Both suggest that established firms will be more likely than entrants to introduce incremental innovations, since established firms will not only invest more in incremental innovation in an attempt to extend monopoly power but will also have more effective research and development efforts since they have the benefit of historical experience with the technology. Similarly the two classes of explanation suggest that established firms will be less successful in the face of radical innovation both because in some circumstances they will invest less for fear of cannibalizing their existing revenues, and because their research and development efforts will be less effective than those of entrants.However recent work by Henderson and Clark (1990) suggests that it is increasingly important to explicitly distinguish between the two effects and to understand the interactions between them. They suggest that a significant number of innovations are “architectural.”

Architectural innovations are incremental in the economic sense in that they do not provide dramatically different or improved benefits to their customers, and they continue to actively compete with existing products, but they are radical in the organizational sense in that established firms find them extremely difficult to develop.
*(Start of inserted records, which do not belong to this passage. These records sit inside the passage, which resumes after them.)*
(* Let $q$ be a prime power, $m$ a positive integer, $n=q^m-1$, and $\delta$ an integer with $2\le\delta\le q^{\lceil m/2\rceil}+1$ (and $\delta\le n$). Suppose $$\sum_{i=0}^{\lfloor(\delta+1)/2\rfloor}\binom{q^m-1}{i}(q-1)^i> q^{m\lceil(\delta-1)(1-1/q)\rceil}.$$ Then the minimum distance $d$ of $\mathcal{BCH}(n,q;\delta)$ satisfies $d\in\{\delta,\delta+1\}$. If moreover $\delta\equiv0\pmod q$, then $d=\delta+1$.
   Context: Let $\alpha$ be a primitive element of $\mathbf{F}_{q^m}$ and $n=q^m-1$; $C_x=\{xq^k\bmod n\mid k\in\mathbf{Z}\}$. For $2\le\delta\le n$, $\mathcal{BCH}(n,q;\delta)$ is the cyclic code of length $n$ over $\mathbf{F}_q$ with generator polynomial $\prod_{z\in Z}(x-\alpha^z)$, where $Z=C_1\cup\cdots\cup C_{\delta-1}$. *)

From HB Require Import structures.
From mathcomp Require Import all_boot all_order all_algebra all_field.
Set Implicit Arguments. Unset Strict Implicit. Unset Printing Implicit Defensive.
Import GRing.Theory.
Local Open Scope ring_scope.

(* Membership of z in Z = C_1 u ... u C_(delta-1), the union of the
   q-cyclotomic cosets modulo n; C_x = { x q^k mod n | k }.  Since
   q^m = 1 mod n, k ranges over 0 <= k < m without loss. *)
Definition inZ (q m n delta : nat) (z : nat) : bool :=
  [exists x : 'I_delta, (0 < (x : nat))%N &&
     [exists k : 'I_m, z == (x * q ^ k) %% n]]%N.

Definition bch_genpoly (L : fieldType) (q m n delta : nat) (alpha : L)
  : {poly L} :=
  \prod_(z < n | inZ q m n delta z) ('X - (alpha ^+ z)%:P).

Definition word_poly (F L : fieldType) (f : {rmorphism F -> L}) (n : nat)
  (c : 'rV[F]_n) : {poly L} :=
  \sum_(i < n) (f (c 0 i)) *: 'X^i.

Definition BCH (F L : fieldType) (f : {rmorphism F -> L}) (q m n delta : nat)
  (alpha : L) : pred 'rV[F]_n :=
  fun c => bch_genpoly q m n delta alpha %| word_poly f c.

Definition wt (F : fieldType) (n : nat) (c : 'rV[F]_n) : nat :=
  #|[set i : 'I_n | c 0 i != 0]|.

Definition is_min_dist (F : finFieldType) (n : nat) (C : pred 'rV[F]_n)
  (d : nat) : Prop :=
  (exists2 c, C c & (c != 0) && (wt c == d)) /\
  (forall c, C c -> c != 0 -> (d <= wt c)%N).

Arguments BCH {F L} f q m n delta alpha.

From HB Require Import structures.
From mathcomp Require Import all_boot all_order all_algebra all_field.
From mathcomp Require Import zify ring.
Import GRing.Theory.

(* A codeword c vanishes at alpha^j for 0 < j < delta, so the BCH bound gives
   wt c >= delta; when q | delta, alpha^delta = (alpha^(delta/q))^q is a root
   too, because x |-> x^q fixes the coefficients of c, whence wt c >= delta + 1.
   By the same Frobenius argument a word is already a codeword as soon as it
   vanishes at alpha^j for the r <= ceil((delta - 1)(1 - 1/q)) exponents
   0 < j < delta not divisible by q.  These r syndromes take at most q^(m r)
   values, fewer than the number of words in the Hamming ball of radius
   t = floor((delta + 1)/2); so two words of the ball share their syndromes,
   and their difference is a nonzero codeword of weight <= 2t <= delta + 1. *)

Lemma count_ndvd_iota q a : 0 < q ->
  count (fun x => ~~ (q %| x)) (iota 1 a) = a - a %/ q.
Proof.
move=> q0; elim: a => [|a IH]; first by rewrite div0n.
rewrite -[a.+1]addn1 iotaD count_cat IH /= addn0 addn1 (divnS _ q0) add1n.
have : a %/ q <= a by apply: leq_div.
by case: (q %| a.+1) => /=; lia.
Qed.

Lemma subn_div_leq_ceil q a : 0 < q ->
  a - a %/ q <= (a * (q - 1) + (q - 1)) %/ q.
Proof.
move=> q0; rewrite leq_divRL // {1 3}(divn_eq a q).
have : a %% q < q by rewrite ltn_mod.
by nia.
Qed.

Set Implicit Arguments. Unset Strict Implicit. Unset Printing Implicit Defensive.
Local Open Scope ring_scope.

Section WordPoly.
Variables (F L : finFieldType) (f : {rmorphism F -> L}).

Lemma pchar_nat_card : [pchar L].-nat #|F|.
Proof.
have [p _ pc] := finPcharP F.
rewrite (eq_pnat _ (fmorph_pchar f)) (eq_pnat _ (pcharf_eq pc)).
by rewrite (card_pprimeChar pc) pnatX pnat_id ?(pcharf_prime pc).
Qed.

Lemma exprD_card_pow k (x y : L) :
  (x + y) ^+ (#|F| ^ k) = x ^+ (#|F| ^ k) + y ^+ (#|F| ^ k).
Proof. by apply: exprDn_pchar; rewrite pnatX pchar_nat_card. Qed.

Lemma expf_card_pow k (x : F) : x ^+ (#|F| ^ k) = x.
Proof. by elim: k => [|k IH]; rewrite ?expr1 // expnSr exprM IH expf_card. Qed.

Lemma horner_word_poly n (c : 'rV[F]_n) x :
  (word_poly f c).[x] = \sum_(i < n) f (c 0 i) * x ^+ i.
Proof.
by rewrite horner_sum; apply: eq_bigr => i _; rewrite hornerZ hornerXn.
Qed.

Lemma word_polyB n (a b : 'rV[F]_n) :
  word_poly f (a - b) = word_poly f a - word_poly f b.
Proof.
by rewrite /word_poly -sumrB; apply: eq_bigr => i _; rewrite !mxE rmorphB scalerBl.
Qed.

Lemma sum_coord_horner n (c : 'rV[F]_n) (x : L) (p : {poly L}) :
  \sum_(i < n) f (c 0 i) * x ^+ i * p.[x ^+ i] =
  \sum_(e < size p) p`_e * (word_poly f c).[x ^+ e.+1].
Proof.
under eq_bigr => i _ do rewrite horner_coef mulr_sumr.
rewrite exchange_big; apply: eq_bigr => e _; rewrite horner_word_poly mulr_sumr.
by apply: eq_bigr => i _; rewrite -!exprM mulSn exprD mulnC; ring.
Qed.

Lemma word_poly_frobenius n (c : 'rV[F]_n) x k :
  (word_poly f c).[x ^+ (#|F| ^ k)] = (word_poly f c).[x] ^+ (#|F| ^ k).
Proof.
have Q0 : (0 < #|F| ^ k)%N by rewrite expn_gt0 (ltn_trans _ (finNzRing_gt1 F)).
have z0 : (0 : L) ^+ (#|F| ^ k) = 0 by rewrite expr0n eqn0Ngt Q0.
rewrite !horner_word_poly (big_morph _ (@exprD_card_pow k) z0).
by apply: eq_bigr => i _; rewrite exprMn -rmorphXn expf_card_pow -!exprM mulnC.
Qed.

Lemma word_poly_frobenius_root n (c : 'rV[F]_n) x k :
  (word_poly f c).[x] = 0 -> (word_poly f c).[x ^+ (#|F| ^ k)] = 0.
Proof.
move=> c0; rewrite word_poly_frobenius c0 expr0n expn_eq0.
by rewrite gtn_eqF ?(ltn_trans _ (finNzRing_gt1 F)).
Qed.

Lemma word_poly_roots_ndvd n (c : 'rV[F]_n) x D :
  (forall j, (0 < j < D)%N -> ~~ (#|F| %| j)%N -> (word_poly f c).[x ^+ j] = 0) ->
  forall j, (0 < j < D)%N -> (word_poly f c).[x ^+ j] = 0.
Proof.
move=> hndvd; elim/ltn_ind => j IH /andP[j0 jD].
have [qj|] := boolP (#|F| %| j)%N; last by apply: hndvd; rewrite j0.
have q1 := finNzRing_gt1 F.
rewrite -(divnK qj) -{2}[#|F|]expn1 exprM word_poly_frobenius_root // IH //.
  by rewrite ltn_Pdiv //; lia.
rewrite divn_gt0 ?(ltnW q1) ?(dvdn_leq j0 qj) //=.
exact: leq_ltn_trans (leq_div _ _) jD.
Qed.

End WordPoly.

Section Weight.
Variables (F : finFieldType) (n : nat).
Implicit Types a b c e : 'rV[F]_n.

Lemma wt_eq0 c : (wt c == 0%N) = (c == 0).
Proof.
rewrite /wt cards_eq0; apply/eqP/eqP => [c0|->]; last first.
  by apply/setP => i; rewrite !inE mxE eqxx.
apply/matrixP => i j; rewrite (ord1 i) mxE.
by have := in_set0 j; rewrite -c0 inE => /negbFE/eqP.
Qed.

Lemma wtB_le a b : (wt (a - b) <= wt a + wt b)%N.
Proof.
rewrite /wt; apply: leq_trans (leq_card_setU _ _).
apply: subset_leq_card; apply/subsetP => i; rewrite !inE mxE.
by apply: contraR; rewrite negb_or !negbK mxE => /andP[/eqP -> /eqP ->]; rewrite subr0.
Qed.

Lemma card_ffun_support k :
  #|[set g : {ffun 'I_n -> F} | #|[set j | g j != 0]| == k]| = ('C(n, k) * #|F|.-1 ^ k)%N.
Proof.
rewrite -sum1_card.
rewrite (partition_big (s := index_enum _) (fun g : {ffun 'I_n -> F} => [set j | g j != 0])
  (fun S : {set 'I_n} => #|S| == k)); last by move=> g; rewrite inE.
transitivity (\sum_(S : {set 'I_n} | #|S| == k) #|F|.-1 ^ k)%N; last first.
  rewrite sum_nat_const -[in RHS](card_ord n) -card_draws.
  by congr (_ * _)%N; apply: eq_card => S; rewrite inE.
apply: eq_bigr => S /eqP cS.
rewrite sum1dep_card -cS -(cardC1 (0 : F)) -(card_pffun_on 0 S (predC1 (0 : F))).
apply: eq_card => g; rewrite !inE; apply/idP/pffun_onP.
  move=> /andP[_ /eqP <-]; split; first by apply/subsetP => j; rewrite supportE inE.
  by move=> y /imageP[j + ->]; rewrite !inE.
move=> [/subsetP s1 s2]; suff -> : [set j | g j != 0] = S by rewrite cS !eqxx.
apply/setP => j; rewrite inE; apply/idP/idP; first exact: s1.
by move=> jS; have := s2 (g j) (map_f _ _); rewrite !inE; apply; rewrite mem_enum.
Qed.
Architectural innovations are likely to be the focus of complex competitive dynamics since the strategic incentives to invest in them that flow from market position run counter to the incentives that flow from the relative research efficiency of actual and potential players in the industry, and they cannot be easily understood through the lens of the currently available theoretical and empirical results.

This paper addresses this gap in the literature through the exploration of the failure of established firms to survive architectural innovation in the semiconductor photolithographic alignment equipment industry. The author obtained research and development costs, sales, and organizational and technical information for every product development project initiated by every firm in the semiconductor photolithographic equipment industry for the period between the foundation of the industry in the early 1960s and 1986. Four waves of architectural innovation shook the industry during this time, each of which saw the replacement of the industry leader with a new firm. Thus the data set affords a unique opportunity to explore the dramatic competitive effects of technological change.

I differentiate between the decision to invest in a particular research program and the effectiveness with which the research was carried out, and show that established firms failed to successfully exploit architectural innovation in the industry because although they consistently invested an equivalent amount in innovation, their research was consistently less effective. Not only were established firms less successful in their attempts to introduce technically successful new products, but they were also less able to successfully commercialize the products that they did develop. I show that this failure is consistent with the hypothesis that established firms developspecialized organizational capability during the course of their historical experience with incremental innovation that handicaps their attempts to respond to more radical change. The paper is unique in explicitly incorporating both explanations based upon investment behavior and explanations based on the concept of firm heterogeneity into its analysis of the problem of established firm failure in the face of radical innovation, and in the detail and comprehensiveness of the data set upon which it is based.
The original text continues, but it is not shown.